Relapse Prediction using Wearable Data through Convolutional Autoencoders and Clustering for Patients with Psychotic Disorders
April Yujie Yan, BS, MBI, Traci Jenelle Speed, MD, PhD, Casey Overby Taylor, PhD
Relapse of psychotic disorders occurs commonly even after appropriate treatment. Digital phenotyping becomes essential to achieve remote monitoring for mental conditions. We applied a personalized approach using neural-network-based anomaly detection and clustering to predict relapse for patients with psychotic disorders. We used a dataset provided by e-Prevention grand challenge (SPGC), containing physiological signals for 10 patients monitored over 2.5 years (relapse events: 560 vs. non-relapse events: 2139) [1,2]. We created 2-dimensional multivariate time-series profiles containing activity and heart rate variability metrics, extracted latent features via convolutional autoencoders, and identified relapse clusters. Our model showed promising results compared to the 1st place of SPGC (area under precision-recall curve = 0.711 vs. 0.651, area under receiver operating curve = 0.633 vs. 0.647, harmonic mean = 0.672 vs. 0.649) and added to existing evidence of data collected during sleep being more informative in detecting relapse. Our study demonstrates the potential of unsupervised learning in identifying abnormal behavioral changes in patients with psychotic disorders using objective measures derived from granular, long-term biosignals collected by unobstructive wearables. It contributes to the first step towards determining relapse-related biomarkers that could improve predictions and enable timely interventions to enhance patients’ quality of life.
Yan, A.Y., Speed, T.J. & Taylor, C.O. Relapse prediction using wearable data through convolutional autoencoders and clustering for patients with psychotic disorders. Sci Rep 15, 18806 (2025). https://doi.org/10.1038/s41598-025-03856-1
The e-Prevention SPGC 2023 [1,2] provided a public dataset containing physiological signals of 10 patients with psychotic disorders, recorded in Samsung Gear S3 smartwatches for a monitoring period of 6 months. Physiological biosignals included users’ linear and angular accelerations (20Hz), heart rate and RR intervals (5Hz), sleeping status, and steps. Daily relapse status was annotated by clinicians by reviewing their monthly assessments and communication with their physicians and/or family members. Data were split into train (only non-relapsed state), validation (both states with each labeled relapse and non-relapse), and test (both states but unlabeled) sets. Data have been made publicly available and can be downloaded here: https://robotics.ntua.gr/eprevention-sp-challenge/.

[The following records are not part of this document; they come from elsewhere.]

Definition midx_of (m : 'X_{1..n}) : midx := insubd bm0 m.

Lemma midx_ofK m : (mdeg m <= p)%N -> val (midx_of m) = m.
Proof. by move=> hm; rewrite /midx_of insubdK. Qed.

Lemma midx_of_out m : ~~ (mdeg m <= p)%N -> midx_of m = bm0.
Proof. by move=> hm; apply: val_inj; rewrite /midx_of val_insubd ltnS (negbTE hm). Qed.

End BoundedMultinomials.

Arguments midx_of {n p} m.

Section MultinomialExpansion.
Variables (A : comPzRingType) (n p : nat).
Local Notation midx := (midx n p).

Lemma exprD_bounded (Y c : A) (g : nat) : (g <= p)%N ->
  (Y + c) ^+ g = \sum_(j < p.+1) 'C(g, j)%:R * c ^+ (g - j) * Y ^+ j.
Proof.
move=> hg; rewrite addrC exprDn.
rewrite (big_ord_widen p.+1 (fun j => c ^+ (g - j) * Y ^+ j *+ 'C(g, j))) //.
rewrite big_mkcond /=; apply: eq_bigr => j _; case: ifP => hj.
  by rewrite -mulr_natl mulrA.
by rewrite bin_small ?mulr0n ?mul0r // ltnNge -ltnS hj.
Qed.

Lemma prod_exprD_midx (Y c : 'I_n -> A) (g : 'X_{1..n}) : (mdeg g <= p)%N ->
  \prod_(i < n) (Y i + c i) ^+ g i =
  \sum_(a : midx) \prod_(i < n) ('C(g i, val a i)%:R * c i ^+ (g i - val a i) * Y i ^+ val a i).
Proof.
move=> hg.
pose G i (j : nat) := 'C(g i, j)%:R * c i ^+ (g i - j) * Y i ^+ j.
rewrite (eq_bigr (fun i => \sum_(j < p.+1) G i j)); last first.
  by move=> i _; apply: exprD_bounded; apply: leq_trans hg; apply: mnm_le_mdeg.
rewrite bigA_distr_bigA /=.
pose phi (a : midx) : {ffun 'I_n -> 'I_p.+1} := [ffun i => inord (val a i)].
pose h (f : {ffun 'I_n -> 'I_p.+1}) : midx := midx_of [multinom (f i : nat) | i < n].
have phiK : forall f, phi (h f) = f -> forall i, (f i : nat) = val (h f) i.
  by move=> f hf i; rewrite -{1}hf ffunE inordK // ltnS midx_le.
rewrite (reindex_onto h phi (P := xpredT)) /=; last first.
  move=> a _; apply: val_inj.
  have phiE : [multinom (phi a i : nat) | i < n] = val a.
    by apply/mnmP => i; rewrite mnmE ffunE inordK // ltnS midx_le.
  by rewrite /h phiE midx_ofK // midx_mdeg_le.
(* Only the [f] bounded pointwise by [g] contribute, and those all come from [midx]. *)
rewrite [LHS](bigID (fun f => phi (h f) == f)) /= [X in _ + X]big1 ?addr0.
  by apply: eq_bigr => f /eqP /phiK hf; apply: eq_bigr => i _; rewrite hf.
move=> f hf; case: (boolP [forall i, f i <= g i]%N) => [/forallP le_fg | /forallPn [i lt_gf]].
  have hd : (mdeg [multinom (f i : nat) | i < n] <= p)%N.
    by apply: leq_trans hg; rewrite !mdegE; apply: leq_sum => j _; rewrite mnmE.
  case/eqP: hf; apply/ffunP => i; apply: val_inj.
  by rewrite ffunE /= /h midx_ofK // mnmE inordK.
by rewrite (bigD1 i) //= /G bin_small ?mul0r // ltnNge.
Qed.

End MultinomialExpansion.

Section TaylorPolynomials.
Variables (R : realType) (n p : nat).
Local Notation midx := (midx n p).
Local Notation pt := (pt R n).

Lemma shiftmono_recenter (x y : pt) (g : midx) : shiftmono x (val g) =
  \sum_(a : midx) (\prod_(i < n) ('C(val g i, val a i)%:R * (y i - x i) ^+ (val g i - val a i)))
     *: shiftmono y (val a).
Proof.
rewrite /shiftmono (eq_bigr (fun i => ('X_i - (y i)%:MP + (y i - x i)%:MP) ^+ val g i)); last first.
  by move=> i _; rewrite rmorphB /= addrA subrK.
rewrite (@prod_exprD_midx _ n p) ?midx_mdeg_le //; apply: eq_bigr => a _.
rewrite big_split /= -mul_mpolyC rmorph_prod; congr (_ * _); apply: eq_bigr => i _.
by rewrite rmorphM rmorph_nat rmorphXn.
Qed.

(* [taylor_deriv F x y a] is the derivative [D^a (T^p_x F)] evaluated at [y]. *)
Definition taylor_deriv (F : Fjet R n) (x y : pt) (a : midx) : R :=
  \sum_(k : midx | (mdeg (val a) + mdeg (val k) <= p)%N)
        F (val a + val k)%MM x * (mfact R (val k))^-1
          * \prod_(i < n) (y i - x i) ^+ (val k i).

Lemma whitney_deltaE (F : Fjet R n) (a : midx) (x y : pt) :
  whitney_delta F a x y = (F (val a) y - taylor_deriv F x y a) / distR x y ^+ (p - mdeg (val a)).
Proof. by []. Qed.

Lemma mfact_neq0 (m : 'X_{1..n}) : mfact R m != 0.
Proof. by rewrite pnatr_eq0 -lt0n prodn_gt0 // => i; apply: fact_gt0. Qed.

Lemma mfactD (a k : 'X_{1..n}) : mfact R (a + k)%MM =
  (\prod_(i < n) 'C(a i + k i, a i))%:R * mfact R a * mfact R k.
Proof.
rewrite /mfact -!natrM -!big_split /=; congr (_%:R); apply: eq_bigr => i _.
by rewrite mnmDE -mulnA -(bin_fact (leq_addr (k i) (a i))) addKn.
Qed.

Lemma taylor_recenter_coef (F : Fjet R n) (x y : pt) (a : midx) :
  \sum_(g : midx) F (val g) x * (mfact R (val g))^-1 *
     \prod_(i < n) ('C(val g i, val a i)%:R * (y i - x i) ^+ (val g i - val a i))
  = taylor_deriv F x y a * (mfact R (val a))^-1.
Proof.
rewrite /taylor_deriv mulr_suml.
rewrite (bigID (fun g : midx => (val a <= val g)%MM)) /= [X in _ + X]big1 ?addr0; last first.
  move=> g; rewrite /lem => /forallPn [i lt_ga].
  by rewrite (bigD1 i) //= bin_small ?mul0r ?mulr0 // ltnNge.
rewrite (reindex_onto (fun k : midx => midx_of (val a + val k))
                     (fun g : midx => midx_of (val g - val a))) /=; last first.
  move=> g le_ag; apply: val_inj.
  rewrite (midx_ofK (leq_trans (mdegB _ _) (midx_mdeg_le g))) addmC submK //.
  by rewrite midx_ofK // midx_mdeg_le.
rewrite (eq_bigl (fun k : midx => (mdeg (val a) + mdeg (val k) <= p)%N)); last first.
  move=> k /=; case: (leqP (mdeg (val a) + mdeg (val k)) p) => hk.
    rewrite midx_ofK ?mdegD // lem_addr /= addmC addmK.
    by apply/eqP; apply: val_inj; rewrite midx_ofK // midx_mdeg_le.
  rewrite midx_of_out ?mdegD -?ltnNge //; apply/negbTE/negP => /andP [ha /eqP hk2].
  have a0 : val a = 0%MM.
    by apply/mnmP => i; move/mnm_lepP: ha => /(_ i); rewrite mnm0E leqn0 => /eqP.
  have k0 : mdeg (val k) = 0%N.
    rewrite -hk2 midx_ofK; last by rewrite (leq_trans (mdegB _ _)) // midx_mdeg_le.
    by rewrite a0 subm0 mdeg0.
  by move: hk; rewrite a0 k0 mdeg0.
apply: eq_bigr => k hk; rewrite midx_ofK ?mdegD // big_split /= mfactD.
under [X in _ * (X * _) = _]eq_bigr => i _ do rewrite mnmDE.
under [X in _ * (_ * X) = _]eq_bigr => i _ do rewrite mnmDE addKn.
rewrite -natr_prod.
have hC : (\prod_(i < n) 'C(val a i + val k i, val a i))%:R != 0 :> R.
  by rewrite pnatr_eq0 -lt0n prodn_gt0 // => i; rewrite bin_gt0 leq_addr.
by field; rewrite hC !mfact_neq0.
Qed.

Lemma taylor_recenter (F : Fjet R n) (x y : pt) : taylor p F x =
  \sum_(a : midx) (taylor_deriv F x y a * (mfact R (val a))^-1) *: shiftmono y (val a).
Proof.
rewrite /taylor.
under eq_bigr => g _ do rewrite (shiftmono_recenter x y g) scaler_sumr.
under eq_bigr => g _ do under eq_bigr => a _ do rewrite scalerA.
rewrite exchange_big /=; apply: eq_bigr => a _.
by rewrite -scaler_suml taylor_recenter_coef.
Qed.

End TaylorPolynomials.

Section Pairing.
Variables (R : realType) (n p : nat).
Local Notation midx := (midx n p).
Local Notation mpR := {mpoly R[n]}.
Local Notation dual := (dual R n p).
Local Notation pt := (pt R n).

Lemma pairingD (xi : dual) (P Q : mpR) : pairing xi (P + Q) = pairing xi P + pairing xi Q.
Proof. by rewrite /pairing -big_split; apply: eq_bigr => m _; rewrite mcoeffD mulrDr. Qed.

Lemma pairingZ (xi : dual) c (P : mpR) : pairing xi (c *: P) = c * pairing xi P.
Proof. by rewrite /pairing mulr_sumr; apply: eq_bigr => m _; rewrite mcoeffZ mulrCA. Qed.

Lemma pairing0 (xi : dual) : pairing xi 0 = 0.
Proof. by rewrite -(scale0r 0) pairingZ mul0r. Qed.

Lemma pairingB (xi : dual) (P Q : mpR) : pairing xi (P - Q) = pairing xi P - pairing xi Q.
Proof. by rewrite pairingD -scaleN1r pairingZ mulN1r. Qed.

Lemma pairing_sum (xi : dual) (I : Type) (r : seq I) (P : pred I) (G : I -> mpR) :
  pairing xi (\sum_(i <- r | P i) G i) = \sum_(i <- r | P i) pairing xi (G i).
Proof. exact: (big_morph _ (pairingD xi) (pairing0 xi)). Qed.

Lemma pairingDl (xi eta : dual) (P : mpR) :
  pairing (xi + eta) P = pairing xi P + pairing eta P.
Proof. by rewrite /pairing -big_split; apply: eq_bigr => m _; rewrite ffunE mulrDl. Qed.

Lemma pairing_lincombl (xi : dual) k (v : 'I_k -> dual) (c : 'I_k -> R) (P : mpR) :
  (forall m, xi m = \sum_(i < k) c i * v i m) ->
  pairing xi P = \sum_(i < k) c i * pairing (v i) P.
Proof.
move=> xiE; rewrite /pairing.
under eq_bigr => m _ do rewrite xiE mulr_suml.
rewrite exchange_big; apply: eq_bigr => i _.
by rewrite mulr_sumr; apply: eq_bigr => m _; rewrite mulrA.
Qed.

Lemma pairingZl (xi eta : dual) l (P : mpR) : (forall m, xi m = l * eta m) ->
  pairing xi P = l * pairing eta P.
Proof. by move=> xiE; rewrite /pairing mulr_sumr; apply: eq_bigr => m _; rewrite xiE mulrA. Qed.

Lemma pairingX (xi : dual) (b : midx) : pairing xi 'X_[val b] = xi b.
Proof.
rewrite /pairing (bigD1 b) //= mcoeffX eqxx mulr1 big1 ?addr0 // => m hm.
by rewrite mcoeffX (inj_eq val_inj) eq_sym (negbTE hm) mulr0.
Qed.

Lemma pairing_taylorB (F : Fjet R n) (x y : pt) (z : dual) :
  pairing z (taylor p F y) - pairing z (taylor p F x) =
  \sum_(a : midx) (F (val a) y - taylor_deriv F x y a) * xi_at z a y.
Proof.
rewrite (taylor_recenter p F x y) {1}/taylor -pairingB -sumrB pairing_sum.
by apply: eq_bigr => a _; rewrite -scalerBl -mulrBl -scalerA pairingZ.
Qed.

Lemma shiftmono_origin (m : 'X_{1..n}) : shiftmono (fun _ => 0 : R) m = 'X_[m].
Proof. by rewrite /shiftmono mpolyXE_id; apply: eq_bigr => i _; rewrite mpolyC0 subr0. Qed.

Lemma taylor_eval (F : Fjet R n) (a : pt) : (taylor p F a).@[a] = F 0%MM a.
Proof.
rewrite /taylor raddf_sum /= (bigD1 (@bm0 n p)) //= big1 ?addr0.
  rewrite mevalZ /shiftmono big1 ?meval1 ?mulr1; last by move=> i _; rewrite mnm0E expr0.
  by rewrite /mfact big1 ?invr1 ?mulr1 // => i _; rewrite mnm0E fact0.
move=> b hb; rewrite mevalZ /shiftmono rmorph_prod /=.
have [i hi] : exists i, val b i != 0%N.
  apply/existsP; apply: contraR hb => /existsPn b0; apply/eqP/val_inj/mnmP => i.
  by rewrite mnm0E; apply/eqP/negPn/b0.
rewrite (bigD1 i) //= rmorphXn /= mevalB mevalXU mevalC subrr expr0n.
by rewrite (negbTE hi) mul0r mulr0.
Qed.

Lemma pairing_delta_taylor (F : Fjet R n) (a : pt) :
  pairing (delta p a) (taylor p F a) = F 0%MM a.
Proof.
(* Recentred at the origin, [T a] is written in the monomial basis, on which [delta a]
   is evaluation at [a]. *)
rewrite -taylor_eval (taylor_recenter p F a (fun _ => 0)).
under eq_bigr => b _ do rewrite shiftmono_origin.
rewrite pairing_sum raddf_sum /=; apply: eq_bigr => b _.
by rewrite pairingZ pairingX mevalZ ffunE.
Qed.

End Pairing.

data.csv: there is a data file for daily recording
-
acc_X,acc_Y,acc_Z:linear acceleration from the accelerometer (Valid range: [-19.6, 19,6]) -
gyr_X,gyr_Y,gyr_Z: angular velocity from the gyroscope (Valid range: [-573, 573]) -
heartRate,rRInterval: beats-per-minute and R-R interval from PPG. Valid values are > 0. -
timecol: timestamp inside the day -
sleeping: 0 if the user is awake, 1 if they are sleeping
RelapsePredictionPublic/
│- code/
|- analysis.ipynb # demo of EDA and statisitical analysis
|- main.ipynb # demo of running the whole pipeline
|- preprocess.py # helper function for preprocessing raw data
|- stats.py # helper function for statistical analysis
|- train.py # helper function for preparing input data
|- utils.py # helper function for clustering and evaluation
│- feature/ # this folder contains processed data. We provide a sample organization from User_00's data. Files should be arranged in the following way by running our code for preprocessing:
|- User_00/
|- train/
|- non-relpase/
|- Day_{N}/
|- feature.csv
|- val/
|- non-relpase/
|- Day_{N}/
|- feature.csv
|- relapse/
|- Day_{N}/
|- feature.csv
|- test/
|- Day_{N}/
|- feature.csv
│- input/ # processed input data files for each patient (combined from data in feature/), for training. We provide a sample file from User_00
|- input_v2_user00.csv
|- test # processed input data files for each patient (combined from data in feature/), for testing. We provide a sample file from User_00
|- test_v2_user00.csv
│- save_model/ # a folder that contains saved models. e.g., `latent_k{kernel_size}_{training_mode}_{patient ID}.keras`. `training_mode` indicates how the autoencoder was trained, based on sleep data only, awake data only, or both.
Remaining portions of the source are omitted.